The SPA implementation only requires to modify the two lines of code
if (threadIdx.x == 0)
partial_results[blockIdx.x] = partial_sum;
from the listing above with
if (threadIdx.x == 0)
atomicAdd(partial_results, partial_sum);
in the SP_X
function. The SPA method is not deterministic for floating
point numbers and can easily be avoided in practice.
As mentioned earlier, there is no global synchronization barrier at the grid level built in GPU. Few workarounds exist but they impose severe constraints that explicitly depend on the GPU family. Instead we can use the fact that two kernels K1 and K2 launched on the same stream will run sequentially following the submission order. This property can be used at our advantage to simulate a global synchronization barrier between different parts of the code but it requires two kernels launches to be effective. The second kernel can be anything from a pairwise reduction kernel applied to the partial sums to a memory transfer between GPU and CPU followed by a reduction on the host CPU. We choose the second method and copy all partial results back to CPU before calculating the final sum on CPU. The TPRC method described in the main text uses this technique. The TPRC method is deterministic by construction.
The last method is a bit more advanced and prone to error if implemented
incorrectly. It uses the __threadfences
instruction and an atomic operation to
increment a counter. The __threadfences
instruction only blocks the
calling thread until all write issued before the call are finished and then
broadcast the final state of the memory operation to all the other running
threads. It is not a synchronization barrier though as other threads can still
run in parallel. The code is given by
__device__ int retirementCount = 0;
__global__ void reduce_gpu_sptr(double *sdata, int size, double *res) {
int tid = threadIdx.x + blockIdx.x * blodkDim.x;
extern __shared__ double smem[];
/* Split the data in smaller chunk. The block only only on one chunk */
if (tid >= size)
smem[threadIdx.x] = 0.0;
else
smem[threadIdx.x] = data[tid];
/* Wait for all thread to update shared memory */
__syncthreads();
/* apply the block reduction */
double partial_sum = 0.0;
block_reduce(smem, partial_sum);
if (threadIdx.x == 0)
partial_results[blockIdx.x] = partial_sum;
__threadfences();
bool __shared__ amLast = false;
if (threadIdx.x == 0) {
int prev = atomicInc(&retirementCount, gridSize.x);
amLast = (prev == (gridDim.x - 1));
}
__syncthreads();
if (amLast) {
if (threadIdx.x == 0) {
double sum = 0;
for (int i = 0; i < gridDim.x; i++)
sum += res[i];
res[0] = sum;
}
}
}
The last block incrementing the retirementCount
counter is responsible for
calculating the final sum. Which block does the computation is runtime dependent
but this kernel always returns a deterministic result undependently of the
execution order of the atomicInc
instruction. This technique is used in the
SPRG method described in the main text. The CUB and hipcub libraries also use
similar techniques in their sum and generalized reduction functions.

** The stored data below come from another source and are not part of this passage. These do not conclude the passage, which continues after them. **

Lemma is_flow_lift_iff (v1 : 'I_n.+3 -> int) (v2 : 'I_n.+2 -> int) :
  (forall u : 'I_n.+3, (u <= 1)%N -> v1 u = 0) -> v2 ord0 = 0 ->
  (forall u : 'I_n.+2, (0 < u)%N -> v1 (lift ord0 u) = v2 u) ->
  @is_flow G1 v1 f1 <-> @is_flow G2 v2 f2.
Proof.
move=> v1_low v2_0 v1_v2; split=> flow_f u.
  have [u_gt0|] := ltnP 0 u.
    by rewrite -v1_v2 // -flow_f !netflowE outflow_lift // inflow_lift.
  rewrite leqn0 => /eqP u0; have -> : u = ord0 by apply: val_inj.
  rewrite v2_0; apply: (netflow_eq0_below upward2) => e.
  by rewrite leqn0 => /eqP src0; apply/f2_source/val_inj.
have [u_gt1|u_le1] := ltnP 1 u; last first.
  rewrite v1_low //; apply: (netflow_eq0_below upward1) => e le_u.
  exact/f1_low/(leq_trans le_u).
have lower_u_gt0 := lower_gt0 u_gt1.
rewrite -(lift_lower (ltnW u_gt1)) v1_v2 // -flow_f !netflowE.
by rewrite outflow_lift // inflow_lift.
Qed.

End FlowCorrespondence.

Lemma extend_restrict_flow (f1 : {ffun edge G1 -> nat}) :
  (forall e : edge G1, (esrc e <= 1)%N -> f1 e = 0%N) ->
  extend_flow (restrict_flow f1) = f1.
Proof.
move=> f1_low; apply/ffunP => -[[i j] k]; rewrite ffunE /esrc /etgt /=.
case: ifP => [i_gt1|/negbT]; last by rewrite -ltnNge ltnS => i_le1; rewrite f1_low.
have i_lt_j : (i < j)%N by apply/upward1/(leq_ltn_trans (leq0n k)).
have i_gt0 := ltnW i_gt1; have j_gt0 := ltn_trans i_gt0 i_lt_j.
have mult_lower : @mult G2 (lower i) (lower j) = @mult G1 i j.
  by rewrite /= -(kmult_lift 1) ?lower_gt0 // !lift_lower.
have lt_k : (k < @mult G2 (lower i) (lower j))%N by rewrite mult_lower.
rewrite (flow_at_restrict _ (lower_gt0 i_gt1) lt_k) !lift_lower //.
exact: (flow_at_tagged f1 (existT _ (i, j) k)).
Qed.

Lemma restrict_extend_flow (f2 : {ffun edge G2 -> nat}) :
  (forall e : edge G2, esrc e = ord0 -> f2 e = 0%N) ->
  restrict_flow (extend_flow f2) = f2.
Proof.
move=> f2_source; apply/ffunP => -[[u j] k]; rewrite ffunE /esrc /etgt /=.
case: ifP => [u_gt0|/negbT]; last first.
  by rewrite -ltnNge ltnS leqn0 => /eqP u0; rewrite f2_source //; apply: val_inj.
rewrite -(flow_at_extend _ u_gt0 (ltn_ord k)).
exact: (flow_at_tagged f2 (existT _ (u, j) k)).
Qed.

Lemma K_eq_drop_source (v1 : 'I_n.+3 -> int) (v2 : 'I_n.+2 -> int) (K : nat) :
  (forall u : 'I_n.+3, (u <= 1)%N -> v1 u = 0) -> v2 ord0 = 0 ->
  (forall u : 'I_n.+2, (0 < u)%N -> v1 (lift ord0 u) = v2 u) ->
  @K_eq G1 v1 K -> @K_eq G2 v2 K.
Proof.
move=> v1_low v2_0 v1_v2.
have low_eq0 f1 := @flow1_low_eq0 v1 f1 ^~ v1_low.
have source_eq0 f2 := @flow2_source_eq0 v2 f2 ^~ v2_0.
apply: (has_count_bij (phi := restrict_flow) (psi := extend_flow)).
- move=> f1 /[dup] /low_eq0 f1_low.
  apply: (is_flow_lift_iff f1_low _ _ v1_low v2_0 v1_v2).1 => [e src0|u j k u_gt0 lt_k].
    by rewrite ffunE src0.
  by rewrite flow_at_restrict.
- move=> f2 /[dup] /source_eq0 f2_source.
  apply: (is_flow_lift_iff _ f2_source _ v1_low v2_0 v1_v2).2 => [e src_le1|].
    by rewrite ffunE ltnNge src_le1.
  exact: flow_at_extend.
- by move=> f1 /low_eq0 /extend_restrict_flow.
- by move=> f2 /source_eq0 /restrict_extend_flow.
Qed.

End DropSourceVertex.

Theorem proposition5p6 (b n c : nat) (a : nat -> int) :
  (0 < b)%N -> (0 < n)%N ->
  let S : int := \sum_(2 <= j < n.+1) a j in
  (* a = (0, 0, a_2, ..., a_n, -S), indices 0..n+1 *)
  let va := fun k : nat =>
    if (k <= 1)%N then 0 else if (k <= n)%N then a k else - S in
  (* a~ = (0, a_2, ..., a_n, -S), indices 0..n *)
  let vt := fun k : nat =>
    if (k == 0)%N then 0 else if (k < n)%N then a k.+1 else - S in
  exists K : nat,
    K_eq (@vec_of (kgraph n 1 b c) va) K /\
    K_eq (@vec_of (kgraph n.-1 c.+1 b c) vt) K.
Proof.
move=> _; case: n => [//|n] _ S va vt.
have [K count_va] :=
  @flow_count_exists (kgraph n.+1 1 b c) (@kmult_gt0_lt _ _ _ _) (vec_of va).
exists K; split; first exact: count_va.
apply: (K_eq_drop_source _ _ _ count_va) => //.
- by move=> u u_le1; rewrite /vec_of /va u_le1.
- move=> u u_gt0; rewrite /vec_of /va /vt /= /bump /= add1n ltnS leqn0.
  by rewrite eqn0Ngt u_gt0.
Qed.
(* Let $n\ge 1$ and let $A\subseteq \mathbb{F}_3^n$ be a set such that the equation $a+b+c=0$ with $a,b,c\in A$ has no solutions except the trivial ones $a=b=c$. Then $$|A|\le 3\sum_{k=0}^{\lfloor 2n/3\rfloor}\binom{n}{k}_2 .$$
   Context: $\mathbb{F}_3=\{0,1,2\}$ is the field of integers modulo $3$. For integers $n\ge 0$ and $k$, the trinomial coefficient $\binom{n}{k}_2$ is defined as the coefficient of $x^k$ in $(1+x+x^2)^n$. *)

From HB Require Import structures.
From mathcomp Require Import all_boot all_order all_algebra.
Set Implicit Arguments. Unset Strict Implicit. Unset Printing Implicit Defensive.
Import GRing.Theory Num.Theory.
Local Open Scope ring_scope.

(* Trinomial coefficient binom(n,k)_2 := coefficient of x^k in (1+x+x^2)^n,
   computed in {poly int}. *)
Definition trinom (n k : nat) : int :=
  ((1 + 'X + 'X^2 : {poly int}) ^+ n)`_k.

From HB Require Import structures.
From mathcomp Require Import all_boot all_order all_algebra.
From mathcomp Require Import ring zify.
Import GRing.Theory Num.Theory.
Set Implicit Arguments. Unset Strict Implicit. Unset Printing Implicit Defensive.
Local Open Scope ring_scope.

(* Tao's slice-rank form of the Ellenberg-Gijswijt argument.  Over F_3 the
   indicator of x + y + z = 0 on F_3^n is prod_i (1 - (x_i + y_i + z_i)^2),
   a sum of monomials x^alpha y^beta z^gamma with reduced exponents and total
   degree at most 2n; in each of them one of alpha, beta, gamma has degree at
   most k = 2n/3.  Restricted to a cap set A this function is "diagonal".
   Pick w on A annihilating every monomial of degree <= k, with support of
   size at least |A| - D, where D counts these monomials.  Contracting the
   third variable with w kills the terms with deg gamma <= k and leaves
   diag(w) as the sum of two matrices of rank <= D, so |A| - D <= 2D.
   Finally D is the sum of the trinomial coefficients up to k. *)

Lemma mxrank_sum_le (R : fieldType) (I : finType) (P : pred I) m n
    (B : I -> 'M[R]_(m, n)) :
  (\rank (\sum_(i | P i) B i)%R <= \sum_(i | P i) \rank (B i))%N.
Proof.
elim/big_ind2: _ => [|A1 r1 A2 r2 h1 h2|i _] //; first by rewrite mxrank0.
exact: leq_trans (mxrank_add _ _) (leq_add h1 h2).
Qed.

Lemma mxrank_factor_le_card (R : fieldType) (K I : finType) m n (D : {set K})
    (Q : pred I) (p : I -> K) (u : K -> 'I_m -> R) (h : I -> 'I_n -> R) :
  (forall f, Q f -> p f \in D) ->
  (\rank (\matrix_(i, j) \sum_(f | Q f) u (p f) i * h f j)%R <= #|D|)%N.
Proof.
move=> QD.
have -> : \matrix_(i, j) \sum_(f | Q f) u (p f) i * h f j =
    (\sum_(e in D) (\col_i u e i) *m (\row_j \sum_(f | Q f && (p f == e)) h f j))%R.
  apply/matrixP => i j; rewrite !mxE summxE (partition_big p (mem D)) //=.
  apply: eq_bigr => e _; rewrite !mxE big_ord1 !mxE mulr_sumr.
  by apply: eq_bigr => f /andP[_ /eqP->].
apply: leq_trans (mxrank_sum_le _ _) _; rewrite -sum1_card; apply: leq_sum => e _.
exact: leq_trans (mxrankM_maxl _ _) (rank_leq_col _).
Qed.

(* A subspace of dimension r contains a vector with at least r nonzero
   coordinates: take the vector of the row space that equals 1 on r coordinates
   where a basis of the row space is invertible. *)
Lemma exists_submx_rank_diag (R : fieldType) m n (K : 'M[R]_(m, n)) :
  exists2 w : 'rV[R]_n, (w <= K)%MS & (\rank K <= \rank (diag_mx w))%N.
Proof.
set B := row_base K.
have rankB : \rank B = \rank K by rewrite /B (eq_row_base K).
have fullBt : row_full B^T by rewrite /row_full mxrank_tr rankB.
set f := fullrankfun fullBt.
have injf : injective f by apply: fullrankfun_inj.
set S := rowsub f B^T.
have unitSt : S^T \in unitmx by rewrite unitmx_tr fullrowsub_unit.
set x := (const_mx 1 : 'rV[R]_(\rank K)) *m invmx S^T.
exists (x *m B); first by rewrite (submx_trans (submxMl _ _)) // (eq_row_base K).
have xB_f i : (x *m B) 0 (f i) = 1.
  have : (x *m S^T) 0 i = 1 by rewrite /x -mulmxA mulVmx // mulmx1 mxE.
  by rewrite !mxE => <-; apply: eq_bigr => l _; rewrite !mxE.
set P := rowsub f (1%:M : 'M[R]_n).
have compress : P *m diag_mx (x *m B) *m P^T = 1%:M.
  apply/matrixP => i j; rewrite mul_mx_diag !mxE.
  rewrite (bigD1 (f i)) //= big1 ?addr0; last first.
    by move=> l /negbTE nl; rewrite !mxE eq_sym nl !mul0r.
  rewrite !mxE eqxx mul1r.
  by have := xB_f i; rewrite mxE => ->; rewrite mul1r (inj_eq injf) eq_sym.
apply: (@leq_trans (\rank (P *m diag_mx (x *m B) *m P^T))).
  by rewrite compress mxrank1.
exact: leq_trans (mxrankM_maxl _ _) (mxrankM_maxr _ _).
Qed.

Notation F := 'F_3.
Definition Exp3 := ('I_3 * 'I_3 * 'I_3)%type.

(* The coefficient of a^t1 b^t2 c^t3 in 1 - (a + b + c)^2. *)
Definition ind_coef (t : Exp3) : F :=
  match val t.1.1, val t.1.2, val t.2 with
  | 0, 0, 0 => 1
  | 2, 0, 0 | 0, 2, 0 | 0, 0, 2 => -1
  | 1, 1, 0 | 1, 0, 1 | 0, 1, 1 => -2
  | _, _, _ => 0 end.

Lemma ind_coef_deg (t : Exp3) :
  ind_coef t != 0 -> (t.1.1 + t.1.2 + t.2 <= 2)%N.
Proof. by case: t => [[[[|[|[|?]]] ?] [[|[|[|?]]] ?]] [[|[|[|?]]] ?]]. Qed.

Lemma F3_add3 (x : F) : x + x + x = 0.
Proof. by case: x => [[|[|[|?]]] ?] //; apply/val_inj. Qed.

Lemma F3_eq0_expand (a b c : F) :
  ((a + b + c == 0)%:R : F) =
  \sum_(t : Exp3) ind_coef t * a ^+ t.1.1 * b ^+ t.1.2 * c ^+ t.2.
Proof.
have -> : ((a + b + c == 0)%:R : F) = 1 - (a + b + c) ^+ 2.
  by case: (a + b + c) => [[|[|[|?]]] ?] //; apply/val_inj.
rewrite -(pair_bigA _ (fun (t12 : 'I_3 * 'I_3) (t3 : 'I_3) =>
  ind_coef (t12, t3) * a ^+ t12.1 * b ^+ t12.2 * c ^+ t3)) /=.
rewrite -(pair_bigA _ (fun (t1 t2 : 'I_3) =>
  \sum_(t3 < 3) ind_coef (t1, t2, t3) * a ^+ t1 * b ^+ t2 * c ^+ t3)) /=.
by rewrite !big_ord_recr !big_ord0 /= /ind_coef /= !expr0 !expr1; ring.
Qed.

Notation Mon n := {ffun 'I_n -> 'I_3}.

Definition deg n (e : Mon n) : nat := (\sum_i (e i : nat))%N.
Definition monE n (x : 'rV[F]_n) (e : Mon n) : F := \prod_i x 0 i ^+ e i.

Section Expansion.
Variable n : nat.
Implicit Types (f : {ffun 'I_n -> Exp3}) (x y z : 'rV[F]_n).

Definition alpha f : Mon n := [ffun i => (f i).1.1].
Definition beta f : Mon n := [ffun i => (f i).1.2].
Definition gamma f : Mon n := [ffun i => (f i).2].
Definition coefF f : F := \prod_i ind_coef (f i).

Lemma eq0_row_prod x : \prod_i ((x 0 i == 0)%:R : F) = (x == 0)%:R.
Proof.
have [->|/eqP nz] := eqVneq x 0; first by apply: big1 => i _; rewrite mxE.
have [i xi_nz] : exists i, x 0 i != 0.
  apply/existsP; apply: contra_notT nz => /existsPn x0; apply/rowP => i.
  by rewrite mxE; apply/eqP; move: (x0 i); rewrite negbK.
by rewrite (bigD1 i) //= (negbTE xi_nz) mul0r.
Qed.

Lemma eq0_row_expand x y z :
  ((x + y + z == 0)%:R : F) =
  \sum_f coefF f * monE x (alpha f) * monE y (beta f) * monE z (gamma f).
Proof.
rewrite -eq0_row_prod.
under eq_bigr => i _ do rewrite !mxE F3_eq0_expand.
rewrite bigA_distr_bigA; apply: eq_bigr => f _.
rewrite /coefF /monE !big_split /=.
by congr (_ * _ * _ * _); apply: eq_bigr => i _; rewrite ffunE.
Qed.

Lemma deg_alpha_beta_gamma f : coefF f != 0 ->
  (deg (alpha f) + deg (beta f) + deg (gamma f) <= 2 * n)%N.
Proof.
move=> coef_nz.
have nz i : ind_coef (f i) != 0.
  by apply: contra coef_nz => /eqP fi0; rewrite /coefF (bigD1 i) //= fi0 mul0r.
rewrite /deg -!big_split /=.
apply: (@leq_trans (\sum_(i < n) 2)%N); last by rewrite sum_nat_const card_ord mulnC.
by apply: leq_sum => i _; rewrite !ffunE ind_coef_deg.
Qed.

End Expansion.

Lemma trinomial_pow (n : nat) :
  (1 + 'X + 'X^2 : {poly int}) ^+ n = \sum_(e : Mon n) 'X^(deg e).
Proof.
have -> : (1 + 'X + 'X^2 : {poly int}) = \sum_(t < 3) 'X^t.
  by rewrite !big_ord_recr big_ord0 /= add0r expr0 expr1.
rewrite -[n in LHS]card_ord -prodr_const bigA_distr_bigA.
by apply: eq_bigr => e _; rewrite /deg prodrXr.
Qed.

Lemma sum_ord_eq_nat (d m : nat) :
  \sum_(j < m) ((d == j :> nat)%:R : int) = (d < m)%:R.
Proof.
elim: m => [|m IHm]; first by rewrite big_ord0.
rewrite big_ord_recr /= IHm ltnS [(d <= m)%N]leq_eqVlt.
by case: (ltngtP d m) => //= ->; rewrite ?addr0 ?add0r.
Qed.

Lemma sum_trinom_card_deg_le (n k : nat) :
  \sum_(0 <= j < k.+1) trinom n j = #|[set e : Mon n | (deg e <= k)%N]|%:Z.
Proof.
rewrite big_mkord.
under eq_bigr => j _ do rewrite /trinom trinomial_pow coef_sum.
rewrite exchange_big /=.
under eq_bigr => e _ do under eq_bigr => j _ do rewrite coefXn eq_sym.
under eq_bigr => e _ do rewrite sum_ord_eq_nat ltnS.
rewrite -natz -sum1_card natr_sum big_mkcond /= [RHS]big_mkcond.
by apply: eq_bigr => e _; rewrite inE; case: ifP.
Qed.

Section CapSetRank.
Variables (n N k : nat) (a : 'I_N -> 'rV[F]_n).
Hypothesis a_capfree : forall i j l, (a i + a j + a l == 0) = (i == j) && (j == l).
Hypothesis k_third : (2 * n <= 3 * k + 2)%N.

Let D := [set e : Mon n | (deg e <= k)%N].

Variable w : 'rV[F]_N.
Hypothesis w_orth : forall e, e \in D -> \sum_l w 0 l * monE (a l) e = 0.

Let contract (f : {ffun 'I_n -> Exp3}) := \sum_l w 0 l * monE (a l) (gamma f).

Lemma diag_mx_expand : diag_mx w = \matrix_(i, j)
  \sum_f coefF f * monE (a i) (alpha f) * monE (a j) (beta f) * contract f.
Proof.
apply/matrixP => i j; rewrite !mxE.
transitivity (\sum_l w 0 l * ((a i + a j + a l == 0)%:R : F)).
  rewrite (bigD1 j) //= big1 => [|l nlj]; last first.
    by rewrite a_capfree [j == l]eq_sym (negbTE nlj) andbF mulr0.
  by rewrite a_capfree eqxx andbT addr0; case: eqP => [->|_]; rewrite ?mulr1 ?mulr0.
under eq_bigr => l _ do rewrite eq0_row_expand mulr_sumr.
rewrite exchange_big /=; apply: eq_bigr => f _.
by rewrite /contract !mulr_sumr; apply: eq_bigr => l _; ring.
Qed.

Lemma contract_term_eq0 f :
  ~~ (deg (alpha f) <= k)%N -> ~~ (deg (beta f) <= k)%N ->
  coefF f * contract f = 0.
Proof.
move=> big_alpha big_beta; have [->|nz] := eqVneq (coefF f) 0; first by rewrite mul0r.
rewrite /contract w_orth ?mulr0 // inE.
move: (deg_alpha_beta_gamma nz) big_alpha big_beta; rewrite -!ltnNge; lia.
Qed.

Lemma rank_diag_orth_le : (\rank (diag_mx w) <= 2 * #|D|)%N.
Proof.
pose low_alpha (f : {ffun 'I_n -> Exp3}) := (deg (alpha f) <= k)%N.
pose low_beta (f : {ffun 'I_n -> Exp3}) := ~~ low_alpha f && (deg (beta f) <= k)%N.
pose M1 := \matrix_(i, j) \sum_(f | low_alpha f) monE (a i) (alpha f) *
  (coefF f * monE (a j) (beta f) * contract f).
pose M2 := \matrix_(i, j) \sum_(f | low_beta f) monE (a i) (beta f) *
  (coefF f * monE (a j) (alpha f) * contract f).
have split_diag : diag_mx w = M1 + M2^T.
  rewrite diag_mx_expand; apply/matrixP => i j; rewrite !mxE.
  rewrite [LHS](bigID low_alpha) [X in _ + X = _](bigID (fun f => deg (beta f) <= k)%N) /=.
  rewrite [X in _ + (_ + X) = _]big1 ?addr0 => [|f /andP[ba bb]]; last first.
    have reorder (c x y t : F) : c * x * y * t = x * y * (c * t) by ring.
    by rewrite reorder contract_term_eq0 ?mulr0.
  by congr (_ + _); apply: eq_big => [f //|f _]; ring.
rewrite split_diag mul2n -addnn; apply: leq_trans (mxrank_add _ _) (leq_add _ _).
  apply: (@mxrank_factor_le_card _ _ _ _ _ D low_alpha (@alpha n) (fun e i => monE (a i) e)
    (fun f j => coefF f * monE (a j) (beta f) * contract f)) => f.
  by rewrite inE.
rewrite mxrank_tr.
apply: (@mxrank_factor_le_card _ _ _ _ _ D low_beta (@beta n) (fun e i => monE (a i) e)
  (fun f j => coefF f * monE (a j) (alpha f) * contract f)) => f /andP[_].
by rewrite inE.
Qed.

End CapSetRank.

Lemma capfree_card_le (n : nat) (A : {set 'rV[F]_n}) :
  (forall a b c, a \in A -> b \in A -> c \in A -> a + b + c = 0 ->
     a = b /\ b = c) ->
  (#|A| <= 3 * #|[set e : Mon n | (deg e <= (2 * n) %/ 3)%N]|)%N.
Proof.
move=> capA; set k := ((2 * n) %/ 3)%N; set D := [set e : Mon n | (deg e <= k)%N].
pose a (i : 'I_#|A|) : 'rV[F]_n := enum_val i.
have a_capfree i j l : (a i + a j + a l == 0) = (i == j) && (j == l).
  apply/eqP/andP => [sum0|[/eqP <- /eqP <-]]; last by apply/rowP => c; rewrite !mxE F3_add3.
  by case: (capA _ _ _ (enum_valP i) (enum_valP j) (enum_valP l) sum0) =>
    /enum_val_inj -> /enum_val_inj ->.
pose C : 'M[F]_(#|A|, #|D|) := \matrix_(l, j) monE (a l) (enum_val j).
have [w w_ker rank_w] := exists_submx_rank_diag (kermx C).
have w_orth e : e \in D -> \sum_l w 0 l * monE (a l) e = 0.
  move=> De; have /eqP wC0 : (w *m C == 0) by rewrite -sub_kermx.
  transitivity ((w *m C) 0 (enum_rank_in De e)); last by rewrite wC0 mxE.
  by rewrite mxE; apply: eq_bigr => l _; rewrite mxE enum_rankK_in.
have k_third : (2 * n <= 3 * k + 2)%N.
  by have := divn_eq (2 * n) 3; have := ltn_pmod (2 * n) (isT : 0 < 3)%N; lia.
move: rank_w; rewrite mxrank_ker leq_subLR => /leq_trans-> //.
by rewrite mulSn leq_add ?rank_leq_col ?(rank_diag_orth_le a_capfree k_third w_orth).
Qed.

Theorem mainTheorem1 (n : nat) (A : {set 'rV['F_3]_n}) :
  (1 <= n)%N ->
  (forall a b c, a \in A -> b \in A -> c \in A -> a + b + c = 0 ->
     a = b /\ b = c) ->
  (#|A|%:Z <= 3 * \sum_(0 <= k < ((2 * n) %/ 3).+1) trinom n k)%R.
Proof.
move=> _ capA.
by rewrite sum_trinom_card_deg_le -PoszM lez_nat capfree_card_le.
Qed.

The last summation uses the recursive method (the SPRG method in the paper) but
it is also possible to implement it with the block_reduce
function or any
other form of tree reduction.
The C++ code included in this repository contains all implementations described in the paper. It also contains generic optimizations to the block reduction algorithm. We invite the reader to consult Mark Harris (NVIDIA) presentation to get insights about the optimization of the parallel sum. The reduction example codes found here and here also contains information about optimizations not covered by the presentation.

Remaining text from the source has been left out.